Stored data
##############################

Lemma deformation_succ k Phi (K : 'I_n) : deformation k Phi -> nat_of_ord K = k ->
  exists Phi', deformation k.+1 Phi'.
Proof.
move=> Phi_def K_k; have [phi [phi_poly [lK lKE] [mK mKE] phi_det]] := extension_exists Phi_def K_k.
have [[Phi_poly [l lE] [m mE]] Phi_det] := Phi_def.
pose Phi' (i : 'I_n) := if i == K then phi else Phi i.
have lt_k (a : 'I_n) : (a < k.+1)%N -> a != K -> (a < k)%N.
  move=> + aK; rewrite ltnS leq_eqVlt => /orP[/eqP a_k|//].
  by move: aK; rewrite -val_eqE /= a_k K_k eqxx.
have last_K (a b c : 'I_n) : (a < k.+1)%N -> (b < k.+1)%N -> (c < k.+1)%N -> a != K -> b != K ->
    concurrent H a b c -> forall t, det3 (Phi' a t) (Phi' b t) (Phi' c t) = 0.
  move=> ak bk ck aK bK abc t; rewrite /Phi' (negbTE aK) (negbTE bK).
  case: ifP => [/eqP cK|/negbT cK]; last by apply: Phi_det; rewrite ?lt_k.
  subst c; have [ab | ab] := eqVneq a b; first by rewrite ab det3_eq ?eqxx.
  by apply: phi_det; split; rewrite ?lt_k.
exists Phi'; split.
  split; first by move=> i; rewrite /Phi'; case: eqP.
  - by exists (fun i => if i == K then lK else l i) => i; rewrite /Phi'; case: eqVneq => [->|].
  - by exists (fun i => if i == K then mK else m i) => i; rewrite /Phi'; case: eqVneq => [->|].
move=> a b c ak bk ck abc t.
have [abc_eq|] := boolP ((a == b) || (a == c) || (b == c)).
  by rewrite det3_eq //; case/orP: abc_eq => [/orP[]|] /eqP ->; rewrite eqxx ?orbT.
rewrite !negb_or => /andP[/andP[ab ac] bc].
have [aK|aK] := eqVneq a K.
  subst a; rewrite det3_rot; apply: last_K => //; try by rewrite eq_sym.
  by rewrite /concurrent -det3_rot.
have [bK|bK] := eqVneq b K; last exact: last_K.
subst b; rewrite -det3_rot; apply: last_K => //; try by rewrite eq_sym.
by rewrite /concurrent det3_rot.
Qed.

Lemma deformation_exists k : (k <= n)%N -> exists Phi, deformation k Phi.
Proof.
elim: k => [_|k IHk kn].
  exists (fun i => lerp (G1 i) (G2 i)); split=> [|a]; last by rewrite ltn0.
  split=> [i||].
  - exact: polycurve_lerp.
  - by exists (fun=> 1) => i; rewrite lerp0 scale1r.
  - by exists (fun=> 1) => i; rewrite lerp1 scale1r.
have [Phi Phi_def] := IHk (ltnW kn).
exact: deformation_succ Phi_def (erefl (nat_of_ord (Ordinal kn))).
Qed.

##############################

> Work order: Starting at the line above that contains "by rewrite det3_eq", repeat each line exactly up to and including the line that contains "subst b; rewrite", and stop there.

> Output below:
  by rewrite det3_eq //; case/orP: abc_eq => [/orP[]|] /eqP ->; rewrite eqxx ?orbT.
rewrite !negb_or => /andP[/andP[ab ac] bc].
have [aK|aK] := eqVneq a K.
  subst a; rewrite det3_rot; apply: last_K => //; try by rewrite eq_sym.
  by rewrite /concurrent -det3_rot.
have [bK|bK] := eqVneq b K; last exact: last_K.
subst b; rewrite -det3_rot; apply: last_K => //; try by rewrite eq_sym.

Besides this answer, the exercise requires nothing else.